My Redots updates every week, and can be pointed at any of the Altos Research local markets by entering a city, state, and zipcode. Your web browser needs to play nicely with the amazing Raphaël visualization library, or you will just get a blank screen. I recommend using Google Chrome.

The Legend, or What Is It?
Each dot of color represents a week in a local residential real estate market, so each column is a month. The main color of the dot shows the week-on-week change in the median price of single family homes in a particular zipcode. A red dot means house prices have decreased since the previous week (or dot), while green dots are increasing weeks. The summer seasonality effect is pretty clear in our Mountain View, CA example.

The “halo” of a dot is the ratio of new listings to listings in general. If the newest listings coming onto a market are priced higher than the typical listing, then the halo will be green. This suggests a seller’s market, when new listings are asking for a premium. The price of these new listings will be absorbed into the market the following week, so you might imagine a dot’s halo merging with the main color.

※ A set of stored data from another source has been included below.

(* Let $T$, $\mathcal{S}=\mathcal{S}_+\cup\mathcal{S}_-$, $\Psi$, $U$, $\mu$, $P_\mu$ and $V_\mu$ be as in the context. Consider the discrete-time QBD with phase space $\mathcal{S}$ and transition blocks $$B_{-1}=\begin{bmatrix}0&(I-\mu^{-1}T_{++})^{-1}P_{\mu+-}\\0&V_\mu\end{bmatrix},\quad B_0=0,\quad B_1=\begin{bmatrix}(I-\mu^{-1}T_{++})^{-1}&0\\0&0\end{bmatrix}.$$ Then its $\mathcal{G}$-matrix is $$\mathcal{G}_B=\begin{bmatrix}0&\Psi\\0&V_\mu\end{bmatrix}.$$
   Context: $T$ is the generator of a continuous-time Markov chain on a finite set $\mathcal{S}=\mathcal{S}_+\cup\mathcal{S}_-$ (disjoint, both nonempty), partitioned into blocks $T_{++},T_{+-},T_{-+},T_{--}$ according to $\mathcal{S}_\pm$. $\Psi$ is the minimal nonnegative solution of $T_{+-}+\Psi T_{--}+T_{++}\Psi+\Psi T_{-+}\Psi=0$ (the first-return probability matrix of the unit-rate fluid queue with phase generator $T$, rates $+1$ on $\mathcal{S}_+$ and $-1$ on $\mathcal{S}_-$), and $U:=T_{--}+T_{-+}\Psi$. $\mu>0$ satisfies $\mu\ge\max_i|T_{ii}|$; $P_\mu:=I+\mu^{-1}T$ with blocks $P_{\mu++}$ etc., and $V_\mu:=I+\mu^{-1}U$. A discrete-time quasi-birth-death process (QBD) with transition blocks $L_{-1},L_0,L_1$ is a Markov chain $\{(Y_n,\kappa_n)\}$ on $\mathbb{Z}\times\mathcal{S}$ with $\mathbb{P}[Y_n=k+d,\kappa_n=j\mid Y_{n-1}=k,\kappa_{n-1}=i]=(L_d)_{ij}$ for $d\in\{-1,0,1\}$. Its $\mathcal{G}$-matrix has entries $\mathcal{G}_{ij}=\mathbb{P}[\theta<\infty,\kappa_\theta=j\mid Y_0=k,\kappa_0=i]$ with $\theta=\inf\{n>0:Y_n=k-1\}$. Matrices are partitioned into blocks according to $\mathcal{S}_+,\mathcal{S}_-$. *)

From HB Require Import structures.
From mathcomp Require Import all_boot all_order all_algebra.
From mathcomp Require Import all_classical all_reals all_analysis.
Set Implicit Arguments. Unset Strict Implicit. Unset Printing Implicit Defensive.
Import Order.TTheory GRing.Theory Num.Theory.
Import numFieldNormedType.Exports.
Local Open Scope ring_scope.
Local Open Scope classical_set_scope.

A dot’s angle is the year-on-year change in market prices. Aiming northeastward means prices have increased since the year before, while southeast is a decrease. These angles strip away seasonality from the market, and show how secular real estate trends. Our Silicon Valley example is a bit down year-on-year. The thickness of a weekly dot represents the week-on-week change in the number of listings, put more simply, the inventory. Thin dots that are more ellipsoid are a shrinking market, where fewer listings are available for sale at any price.

A Thousand Words
Information visualization is a buzzy field with smart people doing striking work. For me the line between the big data and infovis communities blurs when a pretty picture enables statistical inference without necessarily running the numbers.